[[ Dataset excerpts open ]]

Lemma filter_forall_in (I : Type) (l : seq I) (P : I -> D -> Prop) :
  (forall i, List.In i l -> F (P i)) -> F (fun x => forall i, List.In i l -> P i x).
Proof.
elim: l => [|i l IH] Pl; first by case: pF => FT _ _ _; apply: filterS FT => x _ i [].
apply: filterS (filterI (Pl i (or_introl erefl)) (IH (fun j jl => Pl j (or_intror jl)))).
by move=> x [Pix Plx] j [<-|/Plx].
Qed.

End ProperFilter.

Definition cofinal (I : Type) (Y : seq I -> Prop) :=
  exists l, forall F, List.incl l F -> Y F.

Lemma cofinal_proper (I : Type) : proper_filter (@cofinal I).
Proof.
split; first by exists nil.
- move=> Y Z [l1 Yl1] [l2 Zl2]; exists (l1 ++ l2) => F sF; split.
    by apply: Yl1; apply: List.incl_tran sF; exact: List.incl_appl.
  by apply: Zl2; apply: List.incl_tran sF; exact: List.incl_appr.
- by move=> Y Z YZ [l Yl]; exists l => F /Yl /YZ.
- by case=> l /(_ l (List.incl_refl l)).
Qed.

Lemma proper_filter_chain_union (D : Type) (C : ((D -> Prop) -> Prop) -> Prop) :
  (forall G, C G -> proper_filter G) -> chain C -> (exists G, C G) ->
  proper_filter (fun Y => exists2 G, C G & G Y).
Proof.
move=> CP cC [G CG]; split.
- by exists G => //; case: (CP G CG).
- move=> Y Z [G1 CG1 G1Y] [G2 CG2 G2Z].
  case: (cC G1 G2 CG1 CG2) => [G12|G21].
    by exists G2 => //; apply: (filterI (CP G2 CG2)) => //; exact: G12.
  by exists G1 => //; apply: (filterI (CP G1 CG1)) => //; exact: G21.
- by move=> Y Z YZ [G1 CG1 G1Y]; exists G1 => //; exact (filterS (CP G1 CG1) YZ G1Y).
- by case=> G1 /CP[].
Qed.

Lemma ultrafilter_refine (D : Type) (F0 : (D -> Prop) -> Prop) : proper_filter F0 ->
  exists UF, [/\ F0 `<=` UF, proper_filter UF & forall Y, UF Y \/ UF (fun x => ~ Y x)].
Proof.
move=> pF0; have [M [pM F0M Mmax]] := zorn_sets (@proper_filter_chain_union D) pF0.
exists M; split=> // Y; apply: contrapT => /not_orP[nMY nMnY].
pose H Z := exists2 Y', M Y' & forall x, Y x -> Y' x -> Z x.
have pH : proper_filter H.
  have [MT _ _ _] := pM; split.
  - by exists (fun _ => True).
  - move=> Z1 Z2 [Y1 MY1 H1] [Y2 MY2 H2]; exists (fun x => Y1 x /\ Y2 x).
      exact: filterI.
    by move=> x Yx [Y1x Y2x]; split; [exact: H1 | exact: H2].
  - by move=> Z1 Z2 Z12 [Y1 MY1 H1]; exists Y1 => // x Yx /(H1 x Yx)/Z12.
  - case=> Y1 MY1 H1; apply: nMnY; apply: filterS MY1 => // x Y1x Yx; exact: H1 x Yx Y1x.
apply: nMY; apply: (Mmax H pH) => [Z MZ|]; first by exists Z.
by exists (fun _ => True); case: pM.
Qed.

Section UltraLimit.
Variables (D : Type) (UF : (D -> Prop) -> Prop).
Hypotheses (pUF : proper_filter UF) (uUF : forall Y, UF Y \/ UF (fun x => ~ Y x)).

Lemma ultra_finite_limit (S : finType) (v : D -> S) : exists s, UF (fun x => v x = s).
Proof.
have : UF (fun x => v x \in enum S).
  by case: pUF => UFT _ _ _; apply: filterS UFT => // x _; rewrite mem_enum.
elim: (enum S) => [/(filter_ex pUF)[]//|s l IH UFl].
case: (uUF (fun x => v x = s)) => [vs|nvs]; first by exists s.
apply: IH; apply: filterS (filterI pUF UFl nvs) => // x [].
by rewrite in_cons => /predU1P[].
Qed.

Lemma ultra_limit_uniq (S : Type) (v : D -> S) s1 s2 :
  UF (fun x => v x = s1) -> UF (fun x => v x = s2) -> s1 = s2.
Proof. by move=> v1 v2; have [x [<- <-]] := filter_ex pUF (filterI pUF v1 v2). Qed.

Definition ulim (S : finType) (v : D -> S) : S := projT1 (cid (ultra_finite_limit v)).

Lemma ulimP (S : finType) (v : D -> S) : UF (fun x => v x = ulim v).
Proof. exact: projT2 (cid (ultra_finite_limit v)). Qed.

End UltraLimit.

(** * Terms and free pro-W algebras *)

Section Terms.
Variable L : signature.
Implicit Types (X Y : Type) (t : term L).

Lemma teval_hom X Y (opX : forall o : symb L, ('I_(arity o) -> X) -> X)
    (opY : forall o : symb L, ('I_(arity o) -> Y) -> Y) (h : X -> Y) env t :
  ophom opX opY h -> h (teval opX env t) = teval opY (h \o env) t.
Proof.
move=> hh; elim: t => [i|o ts IH] //=; rewrite hh; congr (opY o).
by apply: funext => i /=; exact: IH.
Qed.

Fixpoint tsubst t (s : nat -> term L) : term L :=
  match t with Var i => s i | App o ts => App (fun i => tsubst (ts i) s) end.

Lemma teval_subst X (opX : forall o : symb L, ('I_(arity o) -> X) -> X) env t s :
  teval opX env (tsubst t s) = teval opX (fun i => teval opX env (s i)) t.
Proof. by elim: t => [i|o ts IH] //=; congr (opX o); apply: funext => i. Qed.

(* The parameters of the combined context interleave those of the two contexts:
   the inner ones at even positions, the outer ones at odd positions. *)
Lemma teval_ecase_nest X (opX : forall o : symb L, ('I_(arity o) -> X) -> X)
    (w1 w : nat -> X) t1 t :
  exists t2 w2, forall x,
    teval opX (ecase (teval opX (ecase x w1) t1) w) t = teval opX (ecase x w2) t2.
Proof.
exists (tsubst t (ecase (tsubst t1 (ecase (Var L 0) (fun j => Var L j.*2.+1)))
                        (fun j => Var L j.*2.+2))).
exists (fun k => if odd k then w k./2 else w1 k./2) => x.
rewrite teval_subst; congr teval; apply: funext => -[|j] /=.
  rewrite teval_subst; congr teval; apply: funext => -[|i] //=.
  by rewrite odd_double doubleK.
by rewrite odd_double /= uphalf_double.
Qed.

End Terms.

Section Generated.
Variables (L : signature) (X : Type) (opX : forall o : symb L, ('I_(arity o) -> X) -> X).
Variables (B : Type) (f : B -> X).

Inductive generated : X -> Prop :=
| generated_gen b : generated (f b)
| generated_op (o : symb L) (xs : 'I_(arity o) -> X) :
    (forall i, generated (xs i)) -> generated (@opX o xs).

End Generated.

Lemma generated_image (L : signature) (X Y : Type)
    (opX : forall o : symb L, ('I_(arity o) -> X) -> X)
    (opY : forall o : symb L, ('I_(arity o) -> Y) -> Y)
    (h : X -> Y) (B : Type) (f : B -> X) (y : Y) :
  ophom opX opY h -> generated opY (h \o f) y -> exists2 x, generated opX f x & h x = y.
Proof.
move=> hh; elim=> [b|o ys _ IH]; first by exists (f b) => //; exact: generated_gen.
have /choice[xs hxs] : forall i, exists x, generated opX f x /\ h x = ys i.
  by move=> i; have [x ? ?] := IH i; exists x.
exists (opX o xs); first by apply: generated_op => i; case: (hxs i).
by rewrite hh; congr opY; apply: funext => i; case: (hxs i).
Qed.

Section FreeAlgebra.
Variables (L : signature) (W : aclass L).

Lemma free_eq (A : finType) (w1 w2 : free W A) :
  (forall S (hS : W S) f, fam w1 hS f = fam w2 hS f) -> w1 = w2.
Proof.
case: w1 w2 => [f1 p1] [f2 p2] /= eq12.
have E : f1 = f2.
  by apply: functional_extensionality_dep => S; apply: funext => hS; apply: funext.
by subst f2; rewrite (Prop_irrelevance p1 p2).
Qed.

Definition free_gen (A : finType) (a : A) : free W A :=
  @Free L W A (fun S _ f => f a) (fun S T hS hT h hh f => erefl).

Lemma fam_teval (A : finType) (env : nat -> free W A) t (S : alg L) (hS : W S) f :
  fam (teval (@freeop L W A) env t) hS f = teval (@aop L S) (fun i => fam (env i) hS f) t.
Proof.
elim: t => [i|o ts IH] //=; rewrite /freeop_fam /=; congr aop.
by apply: funext => i; exact: IH.
Qed.

Lemma fam_hom (A : finType) (S : alg L) (hS : W S) (f : A -> S) :
  ophom (@freeop L W A) (@aop L S) (fun z => fam z hS f).
Proof. by []. Qed.

Lemma fam_cont (A : finType) (S : alg L) (hS : W S) (f : A -> S) :
  cont_alg (fun z : free W A => fam z hS f).
Proof. by move=> w; exists [:: Test hS f] => w' ag; exact: (ag _ (or_introl erefl)). Qed.

Lemma agree_cat (A : finType) (F1 F2 : seq (test W A)) (w w' : free W A) :
  agree (F1 ++ F2) w w' <-> agree F1 w w' /\ agree F2 w w'.
Proof.
split=> [ag|[ag1 ag2] t ht]; last first.
  by case: (List.in_app_or _ _ _ ht); [exact: ag1 | exact: ag2].
by split=> t ht; apply: ag; apply: List.in_or_app; [left|right].
Qed.

Lemma cont_agree (B A : finType) (phi : free W B -> free W A) :
  cont_free phi -> forall w (F : seq (test W A)), exists F1 : seq (test W B),
  forall w', agree F1 w w' -> agree F (phi w) (phi w').
Proof.
move=> cphi w; elim=> [|t F [F1 IH]]; first by exists nil => w' _ t [].
have [Ft Ht] := cphi w t; exists (Ft ++ F1) => w' /agree_cat[/Ht agt /IH agF].
by move=> t' [<-|/agF].
Qed.

Lemma hom_comp (B C A : finType) (psi : free W B -> free W C) (phi : free W C -> free W A) :
  ophom (@freeop L W B) (@freeop L W C) psi -> ophom (@freeop L W C) (@freeop L W A) phi ->
  ophom (@freeop L W B) (@freeop L W A) (phi \o psi).
Proof. by move=> hpsi hphi o x /=; rewrite hpsi hphi. Qed.

Lemma cont_comp (B C A : finType) (psi : free W B -> free W C) (phi : free W C -> free W A) :
  cont_free psi -> cont_free phi -> cont_free (phi \o psi).
Proof.
move=> cpsi cphi w t; have [F HF] := cphi (psi w) t.
by have [F1 H1] := cont_agree cpsi w F; exists F1 => w' /H1; exact: HF.
Qed.

Lemma fsubst_natural (B A : finType) (g : B -> free W A) (z : free W B) :
  natural (fun S (hS : W S) f => fam z hS (fun b => fam (g b) hS f)).
Proof.
move=> S T hS hT h hh f; rewrite (famP z hS hT hh); congr (fam z hT).
by apply: funext => b /=; exact: famP.
Qed.

Definition fsubst (B A : finType) (g : B -> free W A) (z : free W B) : free W A :=
  Free (fsubst_natural g z).

Lemma fsubst_hom (B A : finType) (g : B -> free W A) :
  ophom (@freeop L W B) (@freeop L W A) (fsubst g).
Proof. by move=> o x; apply: free_eq. Qed.

Lemma fsubst_cont (B A : finType) (g : B -> free W A) : cont_free (fsubst g).
Proof.
move=> w t; exists [:: Test (tU t) (fun b => Defs.tval (g b) t)] => w' ag.
exact: (ag _ (or_introl erefl)).
Qed.

End FreeAlgebra.

(* Compactness of free pro-W algebras. *)
Lemma free_ultralimit (L : signature) (W : aclass L) (A : finType)
    (D : Type) (UF : (D -> Prop) -> Prop) (w : D -> free W A) :
  proper_filter UF -> (forall Y, UF Y \/ UF (fun x => ~ Y x)) ->
  exists wl : free W A, forall t, UF (fun x => Defs.tval (w x) t = Defs.tval wl t).
Proof.
move=> pUF uUF.
have natl : natural (fun S (hS : W S) f => ulim pUF uUF (fun x => fam (w x) hS f)).
  move=> S T hS hT h hh f; apply: (ultra_limit_uniq pUF _ (ulimP pUF uUF _)).
  apply: (filterS pUF _ (ulimP pUF uUF (fun x => fam (w x) hS f))) => x /= <-.
  by rewrite (famP (w x) hS hT hh).
by exists (Free natl) => t; exact: (ulimP pUF uUF (fun x => fam (w x) (tU t) (tf t))).
Qed.

(** * Provability *)

Section Provability.
Variables (L : signature) (W : aclass L) (G : pset W).

Lemma provable_gamma0 (A : finType) (p q : free W A) : gamma0 G p q -> provable G p q.
Proof. by move=> pq R ? _ _; auto. Qed.

Lemma provable_trans (A : finType) (p q r : free W A) :
  provable G p q -> provable G q r -> provable G p r.
Proof. by move=> pq qr R h0 hT hC; apply: (hT _ q); [exact: pq | exact: qr]. Qed.

Lemma provable_closed (A : finType) (p q : free W A) :
  Defs.closure (@provable L W G A) p q -> provable G p q.
Proof.
move=> pq R h0 hT hC; apply: (hC) => F; have [p' [q' [pq' ag]]] := pq F.
by exists p', q'; split => //; exact: pq' h0 hT hC.
Qed.

Lemma provable_sym (A : finType) (p q : free W A) : provable G p q -> provable G q p.
Proof.
move=> pq; apply: (pq (fun a b => provable G b a)).
- move=> a b [B [u [v [Guv [phi [hphi [cphi [t [w [-> ->]]]]]]]]]].
  apply: provable_gamma0; exists B, v, u; split; first by case: Guv; [right|left].
  by exists phi; split => //; split => //; exists t, w.
- by move=> a b c ab bc; exact: provable_trans bc ab.
- move=> a b ab; apply: provable_closed => F; have [a' [b' [? [? ?]]]] := ab F.
  by exists b', a'.
Qed.

Lemma provable_subst (B A : finType) (phi : free W B -> free W A) (u v : free W B) :
  ophom (@freeop L W B) (@freeop L W A) phi -> cont_free phi ->
  provable G u v -> provable G (phi u) (phi v).
Proof.
move=> hphi cphi uv; apply: (uv (fun a b => provable G (phi a) (phi b))).
- move=> a b [B1 [u1 [v1 [Guv [psi [hpsi [cpsi [t [w [-> ->]]]]]]]]]].
  apply: provable_gamma0; exists B1, u1, v1; split => //.
  exists (phi \o psi); split; first exact: hom_comp.
  split; first exact: cont_comp.
  exists t, (phi \o w); rewrite !(teval_hom _ _ hphi).
  by split; congr teval; apply: funext => -[|i].
- by move=> a b c; exact: provable_trans.
- move=> a b ab; apply: provable_closed => F.
  have [Fa Ha] := cont_agree cphi a F; have [Fb Hb] := cont_agree cphi b F.
  have [a' [b' [ab' [/agree_cat[/Ha ? _] /agree_cat[_ /Hb ?]]]]] := ab (Fa ++ Fb).
  by exists (phi a'), (phi b').
Qed.

Lemma provable_ctx (A : finType) (a b : free W A) t w :
  provable G a b ->
  provable G (teval (@freeop L W A) (ecase a w) t) (teval (@freeop L W A) (ecase b w) t).
Proof.
move=> ab; move: t w; apply: (ab (fun a b => forall t w,
    provable G (teval (@freeop L W A) (ecase a w) t)
               (teval (@freeop L W A) (ecase b w) t))).
- move=> p q [B [u [v [Guv [phi [hphi [cphi [t1 [w1 [-> ->]]]]]]]]]] t w.
  have [t2 [w2 nest]] := teval_ecase_nest (@freeop L W A) w1 w t1 t.
  apply: provable_gamma0; exists B, u, v; split => //.
  by exists phi; split => //; split => //; exists t2, w2; rewrite !nest.
- by move=> p q r pq qr t w; exact: provable_trans (pq t w) (qr t w).
- move=> p q pq t w; apply: provable_closed => F.
  have [p' [q' [pq' [agp agq]]]] := pq F.
  exists (teval (@freeop L W A) (ecase p' w) t), (teval (@freeop L W A) (ecase q' w) t).
  split; first exact: pq'.
  by split=> s hs; rewrite /Defs.tval !fam_teval; congr teval; apply: funext => -[|i] //=;
    [exact: (agp s hs) | exact: (agq s hs)].
Qed.

End Provability.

[[ Dataset excerpts closed ]]

[What is required]
Transcribe each line of the data above, unaltered, from the one where "Proof. by []. Qed." appears to the one where "ophom (@freeop L W B) (@freeop L W A) (phi" appears, inclusive of both.

[Answer for this exercise]
Proof. by []. Qed.

Lemma fam_cont (A : finType) (S : alg L) (hS : W S) (f : A -> S) :
  cont_alg (fun z : free W A => fam z hS f).
Proof. by move=> w; exists [:: Test hS f] => w' ag; exact: (ag _ (or_introl erefl)). Qed.

Lemma agree_cat (A : finType) (F1 F2 : seq (test W A)) (w w' : free W A) :
  agree (F1 ++ F2) w w' <-> agree F1 w w' /\ agree F2 w w'.
Proof.
split=> [ag|[ag1 ag2] t ht]; last first.
  by case: (List.in_app_or _ _ _ ht); [exact: ag1 | exact: ag2].
by split=> t ht; apply: ag; apply: List.in_or_app; [left|right].
Qed.

Lemma cont_agree (B A : finType) (phi : free W B -> free W A) :
  cont_free phi -> forall w (F : seq (test W A)), exists F1 : seq (test W B),
  forall w', agree F1 w w' -> agree F (phi w) (phi w').
Proof.
move=> cphi w; elim=> [|t F [F1 IH]]; first by exists nil => w' _ t [].
have [Ft Ht] := cphi w t; exists (Ft ++ F1) => w' /agree_cat[/Ht agt /IH agF].
by move=> t' [<-|/agF].
Qed.

Lemma hom_comp (B C A : finType) (psi : free W B -> free W C) (phi : free W C -> free W A) :
  ophom (@freeop L W B) (@freeop L W C) psi -> ophom (@freeop L W C) (@freeop L W A) phi ->
  ophom (@freeop L W B) (@freeop L W A) (phi \o psi).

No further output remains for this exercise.